→ **Saved entries**:
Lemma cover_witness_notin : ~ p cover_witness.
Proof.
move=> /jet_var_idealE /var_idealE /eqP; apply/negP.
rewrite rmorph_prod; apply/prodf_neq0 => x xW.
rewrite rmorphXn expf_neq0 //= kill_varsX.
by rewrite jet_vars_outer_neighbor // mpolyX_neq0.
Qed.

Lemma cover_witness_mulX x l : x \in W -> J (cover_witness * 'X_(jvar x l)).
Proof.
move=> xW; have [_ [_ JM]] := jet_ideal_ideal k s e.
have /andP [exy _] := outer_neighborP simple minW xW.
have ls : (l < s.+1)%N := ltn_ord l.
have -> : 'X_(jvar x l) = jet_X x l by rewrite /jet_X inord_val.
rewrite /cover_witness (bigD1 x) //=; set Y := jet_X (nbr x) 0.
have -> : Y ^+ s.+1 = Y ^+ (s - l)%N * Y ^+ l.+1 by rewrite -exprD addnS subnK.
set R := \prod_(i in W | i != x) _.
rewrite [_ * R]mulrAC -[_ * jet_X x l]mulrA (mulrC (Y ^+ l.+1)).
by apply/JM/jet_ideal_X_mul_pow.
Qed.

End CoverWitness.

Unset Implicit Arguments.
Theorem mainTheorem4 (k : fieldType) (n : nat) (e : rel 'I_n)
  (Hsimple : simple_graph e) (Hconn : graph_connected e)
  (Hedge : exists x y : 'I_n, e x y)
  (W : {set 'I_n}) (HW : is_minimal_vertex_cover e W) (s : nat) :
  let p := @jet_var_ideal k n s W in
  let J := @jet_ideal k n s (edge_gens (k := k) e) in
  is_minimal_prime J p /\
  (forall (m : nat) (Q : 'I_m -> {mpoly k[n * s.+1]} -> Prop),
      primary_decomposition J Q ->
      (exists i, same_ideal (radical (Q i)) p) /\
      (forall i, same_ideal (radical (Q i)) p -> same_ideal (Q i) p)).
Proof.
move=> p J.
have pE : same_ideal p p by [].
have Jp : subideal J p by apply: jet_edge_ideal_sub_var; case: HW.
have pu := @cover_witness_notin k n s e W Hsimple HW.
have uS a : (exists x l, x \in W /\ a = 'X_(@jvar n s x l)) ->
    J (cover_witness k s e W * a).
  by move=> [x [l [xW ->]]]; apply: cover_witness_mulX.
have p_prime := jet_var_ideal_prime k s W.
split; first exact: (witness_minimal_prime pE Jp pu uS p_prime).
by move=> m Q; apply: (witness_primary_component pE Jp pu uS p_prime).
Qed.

→ **EXERCISE DIRECTIONS**: Please copy the line that holds "(HW : is_minimal_vertex_cover" and each line under it through the last line above, exactly as they stand, adding nothing.

→ **RESPONSE**:
  (W : {set 'I_n}) (HW : is_minimal_vertex_cover e W) (s : nat) :
  let p := @jet_var_ideal k n s W in
  let J := @jet_ideal k n s (edge_gens (k := k) e) in
  is_minimal_prime J p /\
  (forall (m : nat) (Q : 'I_m -> {mpoly k[n * s.+1]} -> Prop),
      primary_decomposition J Q ->
      (exists i, same_ideal (radical (Q i)) p) /\
      (forall i, same_ideal (radical (Q i)) p -> same_ideal (Q i) p)).
Proof.
move=> p J.
have pE : same_ideal p p by [].
have Jp : subideal J p by apply: jet_edge_ideal_sub_var; case: HW.
have pu := @cover_witness_notin k n s e W Hsimple HW.
have uS a : (exists x l, x \in W /\ a = 'X_(@jvar n s x l)) ->
    J (cover_witness k s e W * a).
  by move=> [x [l [xW ->]]]; apply: cover_witness_mulX.
have p_prime := jet_var_ideal_prime k s W.
split; first exact: (witness_minimal_prime pE Jp pu uS p_prime).
by move=> m Q; apply: (witness_primary_component pE Jp pu uS p_prime).
Qed.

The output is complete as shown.